Dataset entries:
▬▬▬▬▬▬
(* Let $v=(1/N,\dots,1/N)$ be the center of $\Delta$. Then $v$ is a linearly stable equilibrium if $\alpha<(N-1)/(N-2)$, and a linearly unstable equilibrium if $\alpha>(N-1)/(N-2)$.
   Context: Let $N\ge3$, $\alpha>1$, and $A_{i,j}=1-\delta_{i,j}$ for $i,j\le N$. Let $\Delta=\{v\in\mathbb R_+^N:\sum_iv_i=1,\ v_i\le3/4\ \forall i\}$. For $v$ with nonnegative coordinates let $v^\alpha=(v_i^\alpha)_i$, $H(v)=\sum_{i\neq j}v_i^\alpha v_j^\alpha$, $\pi_i(v)=v_i^\alpha(Av^\alpha)_i/H(v)$, and on $\Delta$ let $F(v)=-v+\pi(v)$. An equilibrium is $v\in\Delta$ with $F(v)=0$. With $DF(v)$ the differential at $v$ of $v\mapsto-v+\pi(v)$ acting on $\{x:\sum_ix_i=0\}$, an equilibrium is linearly stable if all eigenvalues of $DF(v)$ have negative real parts and linearly unstable if some eigenvalue has positive real part. *)

From HB Require Import structures.
From mathcomp Require Import all_boot all_order all_algebra.
From mathcomp Require Import all_classical all_reals all_analysis.
Set Implicit Arguments. Unset Strict Implicit. Unset Printing Implicit Defensive.
Import Order.TTheory GRing.Theory Num.Theory.
Import numFieldNormedType.Exports.
Local Open Scope ring_scope.

Section Defs.
Variables (R : realType) (N : nat) (alpha : R).

Definition Amat : 'M[R]_N := \matrix_(i, j) (if i == j then 0 else 1).

Definition vpow (v : 'rV[R]_N) : 'rV[R]_N := \row_i (v ord0 i `^ alpha).

Definition Hf (v : 'rV[R]_N) : R :=
  \sum_(i < N) \sum_(j < N | j != i) (vpow v ord0 i) * (vpow v ord0 j).

Definition Avpow (v : 'rV[R]_N) (i : 'I_N) : R :=
  \sum_(j < N) Amat i j * vpow v ord0 j.

Definition piv (v : 'rV[R]_N) : 'rV[R]_N :=
  \row_i (vpow v ord0 i * Avpow v i / Hf v).

Definition Fv (v : 'rV[R]_N) : 'rV[R]_N := - v + piv v.

Definition Delta : set 'rV[R]_N :=
  [set v | (forall i, 0 <= v ord0 i) /\ \sum_(i < N) v ord0 i = 1
           /\ (forall i, v ord0 i <= 3 / 4)].

Definition equilibrium (v : 'rV[R]_N) : Prop := Delta v /\ Fv v = 0.

Definition tangent (x : 'rV[R]_N) : Prop := \sum_(i < N) x ord0 i = 0.

(* lambda = a + i b is a (complex) eigenvalue of the real linear map L acting
   on the tangent space: there is a nonzero z = x + i y in the complexified
   tangent space with L z = lambda z, i.e. L x = a x - b y, L y = b x + a y. *)
Definition eigenvalue_tangent (L : 'rV[R]_N -> 'rV[R]_N) (a b : R) : Prop :=
  exists x y : 'rV[R]_N, tangent x /\ tangent y /\ (x != 0 \/ y != 0) /\
    L x = a *: x - b *: y /\ L y = b *: x + a *: y.

Definition linearly_stable (v : 'rV[R]_N) : Prop :=
  equilibrium v /\ differentiable Fv v /\
  (forall a b, eigenvalue_tangent ('d Fv v) a b -> a < 0).

Definition linearly_unstable (v : 'rV[R]_N) : Prop :=
  equilibrium v /\ differentiable Fv v /\
  (exists a b, eigenvalue_tangent ('d Fv v) a b /\ 0 < a).

Definition simplex_center : 'rV[R]_N := const_mx (N%:R^-1).
End Defs.

From HB Require Import structures.
From mathcomp Require Import all_boot all_order all_algebra.
From mathcomp Require Import all_classical all_reals all_analysis.
From mathcomp Require Import ring lra.
Import Order.TTheory GRing.Theory Num.Theory.
Import numFieldNormedType.Exports.
Local Open Scope ring_scope.

(* Write p_i = v_i^alpha, S = sum_i p_i and Q = sum_i p_i^2, so that
   H = S^2 - Q, (A v^alpha)_i = S - p_i and F_i = -v_i + p_i (S - p_i) / (S^2 - Q).
   At the center every p_i has the same derivative, so dS and dQ are multiples
   of sum_i h_i and vanish on tangent vectors.  Hence DF(v) is
   lambda Id + mu (1 1^T) with lambda = -1 + alpha (N - 2) / (N - 1): on the
   tangent space it is multiplication by lambda, its only eigenvalue there, and
   lambda < 0 exactly when alpha < (N - 1) / (N - 2). *)

Section DifferentialRules.
Context {R : realType} {V W : normedModType R}.

Lemma is_diffV {f df : V -> R} {x} : is_diff x f df -> f x != 0 ->
  is_diff x (fun y => (f y)^-1) (fun h => - (f x) ^- 2 * df h).
Proof.
move=> dfx fx0; apply: DiffDef; first exact: differentiableV.
by rewrite diffV // diff_val.
Qed.

Lemma is_diff_sum n (f df : 'I_n -> V -> W) x :
  (forall i, is_diff x (f i) (df i)) ->
  is_diff x (fun y => \sum_(i < n) f i y) (fun h => \sum_(i < n) df i h).
Proof.
elim: n f df => [|n IHn] f df dfx.
  have -> : (fun y => \sum_(i < 0) f i y) = cst 0.
    by apply/funext => y; rewrite big_ord0.
  by apply: is_diff_eq; apply/funext => h; rewrite big_ord0.
have -> : (fun y => \sum_(i < n.+1) f i y) =
    (fun y => \sum_(i < n) f (widen_ord (leqnSn n) i) y + f ord_max y).
  by apply/funext => y; rewrite big_ord_recr.
have -> : (fun h => \sum_(i < n.+1) df i h) =
    (fun h => \sum_(i < n) df (widen_ord (leqnSn n) i) h + df ord_max h).
  by apply/funext => h; rewrite big_ord_recr.
have := IHn (fun i => f (widen_ord (leqnSn n) i)) (fun i => df (widen_ord (leqnSn n) i)).
move=> /(_ (fun i => dfx _)) IH.
exact: is_diffD.
Qed.

Lemma is_diff_scalel (k dk : V -> R) (u : W) x : is_diff x k dk ->
  is_diff x (fun y => k y *: u) (fun h => dk h *: u).
Proof.
move=> dkx; apply: DiffDef; first exact: differentiableZl.
by rewrite diffZl // diff_val.
Qed.

End DifferentialRules.

Lemma is_diff_row {R : realType} {V : normedModType R} m
    (f : V -> 'rV[R]_m) (df : 'I_m -> V -> R) x :
  (forall i, is_diff x (fun y => f y ord0 i) (df i)) ->
  is_diff x f (fun h => \row_i df i h).
Proof.
move=> dfx; have -> : f = fun y => \sum_(i < m) f y ord0 i *: (delta_mx ord0 i : 'rV_m).
  by apply/funext => y; exact: row_sum_delta.
apply: is_diff_eq; first by apply: is_diff_sum => i; exact: is_diff_scalel.
by apply/funext => h; rewrite [RHS]row_sum_delta; apply: eq_bigr => i _; rewrite mxE.
Qed.

Lemma is_diff_coord {R : realType} {m n} (M : 'M[R]_(m, n)) i j :
  is_diff M (fun A : 'M[R]_(m, n) => A i j) (fun A => A i j).
Proof.
have @coord : {linear 'M[R]_(m, n) -> R}.
  by exists (fun A : 'M[R]_(_, _) => A i j); do 2![eexists]; do ?[constructor];
     rewrite ?mxE// => ? *; rewrite ?mxE//; move=> ?; rewrite !mxE.
rewrite (_ : (fun _ => _) = coord) //; apply: DiffDef.
  exact/linear_differentiable/coord_continuous.
exact/diff_lin/coord_continuous.
Qed.

Lemma is_diff_powR {R : realType} (a x : R) : 0 < x ->
  is_diff x (fun t : R => t `^ a) (fun h => h * (a * x `^ (a - 1))).
Proof.
move=> x0; have [dp <-] := is_derive1_powR a x0.
apply: DiffDef; first exact/derivable1_diffP.
by rewrite deriv1E // derive1E.
Qed.

Section SimplexCenter.
Variables (R : realType) (N : nat) (alpha : R).

Definition pow_sum (y : 'rV[R]_N) : R := \sum_(j < N) y ord0 j `^ alpha.
Definition pow_sqr_sum (y : 'rV[R]_N) : R := \sum_(j < N) (y ord0 j `^ alpha) ^+ 2.

Lemma sumr_neq (a : 'I_N -> R) i : \sum_(j < N | j != i) a j = \sum_(j < N) a j - a i.
Proof. by rewrite [X in _ = X - _](bigD1 i) //= addrC addrK. Qed.

Lemma Avpow_pow_sum y i : Avpow alpha y i = pow_sum y - y ord0 i `^ alpha.
Proof.
rewrite /Avpow /pow_sum (bigD1 i) //= !mxE eqxx mul0r add0r -sumr_neq.
by apply: eq_bigr => j ji; rewrite !mxE eq_sym (negbTE ji) mul1r.
Qed.

Lemma Hf_pow_sum y : Hf alpha y = pow_sum y ^+ 2 - pow_sqr_sum y.
Proof.
transitivity (\sum_(i < N) (y ord0 i `^ alpha * pow_sum y - (y ord0 i `^ alpha) ^+ 2)).
  apply: eq_bigr => i _; rewrite sumr_neq mulr_sumr expr2 !mxE; congr (_ - _).
  by apply: eq_bigr => j _; rewrite !mxE.
by rewrite sumrB -mulr_suml -expr2.
Qed.

Lemma Fv_entry y i : Fv alpha y ord0 i = - y ord0 i +
  y ord0 i `^ alpha * (pow_sum y - y ord0 i `^ alpha) / (pow_sum y ^+ 2 - pow_sqr_sum y).
Proof. by rewrite /Fv /piv !mxE Avpow_pow_sum Hf_pow_sum. Qed.

Lemma is_diff_pow_entry (y : 'rV[R]_N) j : 0 < y ord0 j ->
  is_diff y (fun z => z ord0 j `^ alpha)
    (fun h => h ord0 j * (alpha * y ord0 j `^ (alpha - 1))).
Proof.
move=> yj0; exact: (is_diff_comp (is_diff_coord y ord0 j) (is_diff_powR alpha _ yj0)).
Qed.

Let n : R := N%:R.
Let c := simplex_center R N.
Let w : R := n^-1 `^ alpha.
Let k : R := alpha * n^-1 `^ (alpha - 1).

Hypothesis N_gt1 : (1 < N)%N.

Let n_gt1 : 1 < n. Proof. by rewrite /n ltr1n. Qed.
Let n_gt0 : 0 < n. Proof. by have := n_gt1; lra. Qed.

Lemma simplex_center_entry j : c ord0 j = n^-1.
Proof. by rewrite mxE. Qed.

Let w_gt0 : 0 < w. Proof. by rewrite powR_gt0 // invr_gt0. Qed.

Let k_center : k = alpha * n * w.
Proof.
rewrite /k /w powRB; last by apply/implyP => _; rewrite invr_eq0 gt_eqF.
rewrite powRr1 ?invrK; first ring.
by rewrite invr_ge0 ltW.
Qed.

Lemma pow_sum_center : pow_sum c = n * w.
Proof.
rewrite /pow_sum (eq_bigr (fun=> w)); first by rewrite sumr_const card_ord mulr_natl.
by move=> j _; rewrite simplex_center_entry.
Qed.

Lemma pow_sqr_sum_center : pow_sqr_sum c = n * w ^+ 2.
Proof.
rewrite /pow_sqr_sum (eq_bigr (fun=> w ^+ 2)); first by rewrite sumr_const card_ord mulr_natl.
by move=> j _; rewrite simplex_center_entry.
Qed.

Lemma is_diff_pow_entry_center j :
  is_diff c (fun y => y ord0 j `^ alpha) (fun h => h ord0 j * k).
Proof.
have := @is_diff_pow_entry c j; rewrite simplex_center_entry; apply.
by rewrite invr_gt0.
Qed.

Lemma is_diff_pow_sum_center :
  is_diff c pow_sum (fun h => k * \sum_(j < N) h ord0 j).
Proof.
apply: is_diff_eq; first exact/is_diff_sum/is_diff_pow_entry_center.
by apply/funext => h; rewrite mulr_sumr; apply: eq_bigr => j _; rewrite mulrC.
Qed.

Lemma is_diff_pow_sqr_sum_center :
  is_diff c pow_sqr_sum (fun h => 2 * w * k * \sum_(j < N) h ord0 j).
Proof.
apply: is_diff_eq.
  by apply: is_diff_sum => j; exact: (is_diffX 1 (is_diff_pow_entry_center j)).
apply/funext => h; rewrite mulr_sumr; apply: eq_bigr => j _.
rewrite simplex_center_entry !fctE expr1 -[_ *: _]/(_ * _) -/w; ring.
Qed.

Let denom_center_neq0 : pow_sum c ^+ 2 - pow_sqr_sum c != 0.
Proof.
rewrite pow_sum_center pow_sqr_sum_center (_ : _ - _ = n * (n - 1) * w ^+ 2); last by ring.
by rewrite !mulf_neq0 ?expf_neq0 ?gt_eqF // subr_gt0.
Qed.

Definition center_eigenvalue : R := -1 + alpha * (n - 2) / (n - 1).
Definition center_coupling : R := alpha * ((n - 1)^-1 - 2 / n).

Lemma is_diff_Fv_entry_center i :
  is_diff c (fun y => Fv alpha y ord0 i) (fun h =>
    center_eigenvalue * h ord0 i + center_coupling * \sum_(j < N) h ord0 j).
Proof.
have -> : (fun y => Fv alpha y ord0 i) = (fun y => - y ord0 i +
    y ord0 i `^ alpha * (pow_sum y - y ord0 i `^ alpha) / (pow_sum y ^+ 2 - pow_sqr_sum y)).
  by apply/funext => y; exact: Fv_entry.
have := is_diffX 1 is_diff_pow_sum_center; rewrite exprfctE => dS2.
have := is_diffB dS2 is_diff_pow_sqr_sum_center; rewrite !fctE /= => dH.
have dinv := is_diffV dH denom_center_neq0.
have dentry := is_diff_coord c ord0 i.
have dpow := is_diff_pow_entry_center i.
have dsum := is_diff_pow_sum_center.
have := is_diffD (is_diffN dentry) (is_diffM (is_diffM dpow (is_diffB dsum dpow)) dinv).
rewrite !fctE /= => dF.
apply: is_diff_eq dF _.
apply/funext => h /=.
rewrite /GRing.scale /= !simplex_center_entry -/w pow_sum_center pow_sqr_sum_center k_center.
rewrite /center_eigenvalue /center_coupling.
field; rewrite -pow_sum_center -pow_sqr_sum_center denom_center_neq0 gt_eqF //= subr_eq0.
by rewrite eq_sym lt_eqF.
Qed.

Lemma is_diff_Fv_center : is_diff c (Fv alpha) (fun h =>
  center_eigenvalue *: h + (center_coupling * \sum_(j < N) h ord0 j) *: const_mx 1).
Proof.
apply: is_diff_eq; first exact/is_diff_row/is_diff_Fv_entry_center.
by apply/funext => h; apply/rowP => i; rewrite !mxE mulr1.
Qed.

Lemma diff_Fv_center_tangent h :
  tangent h -> 'd (Fv alpha) c h = center_eigenvalue *: h.
Proof. by case: is_diff_Fv_center => _ -> th; rewrite th mulr0 scale0r addr0. Qed.

Lemma simplex_center_equilibrium : equilibrium alpha c.
Proof.
split; last first.
  apply/rowP => i; rewrite Fv_entry simplex_center_entry -/w pow_sum_center.
  rewrite pow_sqr_sum_center mxE; field.
  by rewrite -pow_sum_center -pow_sqr_sum_center denom_center_neq0 gt_eqF.
split; first by move=> i; rewrite simplex_center_entry invr_ge0 ltW.
split; last first.
  move=> i; rewrite simplex_center_entry invf_ple ?posrE // invf_div.
  have : 2 <= n by rewrite /n ler_nat.
  lra.
rewrite (eq_bigr (fun=> n^-1)); last by move=> j _; exact: simplex_center_entry.
by rewrite sumr_const card_ord -mulr_natl mulfV ?gt_eqF.
Qed.

End SimplexCenter.

Section TangentSpectrum.
Context {R : realType} {N : nat} {L : 'rV[R]_N -> 'rV[R]_N} {lm : R}.
Hypothesis L_tangent : forall h, tangent h -> L h = lm *: h.

Lemma eigenvalue_tangent_scalar a b : eigenvalue_tangent L a b -> a = lm.
Proof.
case=> x [y [tx [ty [xy0 [Lx Ly]]]]]; rewrite !L_tangent // in Lx Ly.
have ex : (lm - a) *: x = - (b *: y) by rewrite scalerBl Lx addrAC subrr add0r.
have ey : (lm - a) *: y = b *: x by rewrite scalerBl Ly addrK.
set s := (lm - a) ^+ 2 + b ^+ 2.
have sx : s *: x = 0.
  by rewrite scalerDl !expr2 -!scalerA ex -ey scalerN !scalerA [b * _]mulrC addNr.
have sy : s *: y = 0.
  by rewrite scalerDl !expr2 -!scalerA ey -[b *: y]opprK -ex scalerN !scalerA [b * _]mulrC subrr.
have s0 : s = 0.
  by case: xy0 => nz; apply/eqP; [move/eqP: sx | move/eqP: sy];
    rewrite scaler_eq0 (negbTE nz) orbF.
rewrite /s in s0; nra.
Qed.

Lemma tangent_delta_sub i j : tangent (delta_mx ord0 i - delta_mx ord0 j : 'rV[R]_N).
Proof.
have sum_delta k : \sum_(l < N) (delta_mx ord0 k : 'rV[R]_N) ord0 l = 1.
  rewrite (bigD1 k) //= mxE !eqxx big1 ?addr0 // => l /negbTE lk.
  by rewrite mxE lk andbF.
rewrite /tangent; under eq_bigr do rewrite mxE [X in _ + X]mxE.
by rewrite sumrB sum_delta sum_delta subrr.
Qed.

Lemma eigenvalue_tangent_of_scalar : (1 < N)%N -> eigenvalue_tangent L lm 0.
Proof.
move=> N_gt1; pose i0 : 'I_N := Ordinal (ltnW N_gt1); pose i1 : 'I_N := Ordinal N_gt1.
have t0 : tangent (0 : 'rV[R]_N) by rewrite /tangent big1 // => l _; rewrite mxE.
exists (delta_mx ord0 i0 - delta_mx ord0 i1), 0; do !split => //.
- exact: tangent_delta_sub.
- left; apply/eqP => /rowP /(_ i0); rewrite !mxE !eqxx /= subr0.
  exact/eqP/oner_neq0.
- by rewrite L_tangent ?scaler0 ?subr0 //; exact: tangent_delta_sub.
- by rewrite L_tangent // scale0r add0r.
Qed.

End TangentSpectrum.

Section Threshold.
Variables (R : realType) (N : nat) (alpha : R).
Hypothesis N_gt2 : (2 < N)%N.

Let n_gt2 : 2 < N%:R :> R. Proof. by rewrite ltr_nat. Qed.
Let n_sub2_gt0 : 0 < N%:R - 2 :> R. Proof. by rewrite subr_gt0. Qed.
Let n_sub1_gt0 : 0 < N%:R - 1 :> R. Proof. by have := n_gt2; lra. Qed.

Lemma center_eigenvalue_lt0 :
  (center_eigenvalue R N alpha < 0) = (alpha < (N%:R - 1) / (N%:R - 2)).
Proof.
by rewrite /center_eigenvalue addrC subr_lt0 ltr_pdivrMr // mul1r ltr_pdivlMr.
Qed.

Lemma center_eigenvalue_gt0 :
  (0 < center_eigenvalue R N alpha) = ((N%:R - 1) / (N%:R - 2) < alpha).
Proof.
by rewrite /center_eigenvalue addrC subr_gt0 ltr_pdivlMr // mul1r ltr_pdivrMr.
Qed.

End Threshold.

Theorem lemma4p1 (R : realType) (N : nat) (alpha : R) :
  (3 <= N)%N -> 1 < alpha ->
  (alpha < (N%:R - 1) / (N%:R - 2) -> @linearly_stable R N alpha (simplex_center R N)) /\
  ((N%:R - 1) / (N%:R - 2) < alpha -> @linearly_unstable R N alpha (simplex_center R N)).
Proof.
move=> N_gt2 _; have N_gt1 : (1 < N)%N := ltnW N_gt2.
have equil := simplex_center_equilibrium R N alpha N_gt1.
have [diffF _] := is_diff_Fv_center R N alpha N_gt1.
have dF := diff_Fv_center_tangent R N alpha N_gt1.
split=> [stable | unstable]; do 2!split => //.
  by move=> a b /(eigenvalue_tangent_scalar dF) ->; rewrite center_eigenvalue_lt0.
exists (center_eigenvalue R N alpha), 0.
by rewrite center_eigenvalue_gt0 //; split => //; exact: eigenvalue_tangent_of_scalar dF N_gt1.
Qed.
▬▬▬▬▬▬
= ABOUT THIS EXERCISE =
Each line above from the one with "by apply: eq_bigr => j _; rewrite !mxE." up to and including the one with "Proof. by rewrite /Fv" must be set down exactly, and no line outside that span may appear.

= OUTPUT =
  by apply: eq_bigr => j _; rewrite !mxE.
by rewrite sumrB -mulr_suml -expr2.
Qed.

Lemma Fv_entry y i : Fv alpha y ord0 i = - y ord0 i +
  y ord0 i `^ alpha * (pow_sum y - y ord0 i `^ alpha) / (pow_sum y ^+ 2 - pow_sqr_sum y).
Proof. by rewrite /Fv /piv !mxE Avpow_pow_sum Hf_pow_sum. Qed.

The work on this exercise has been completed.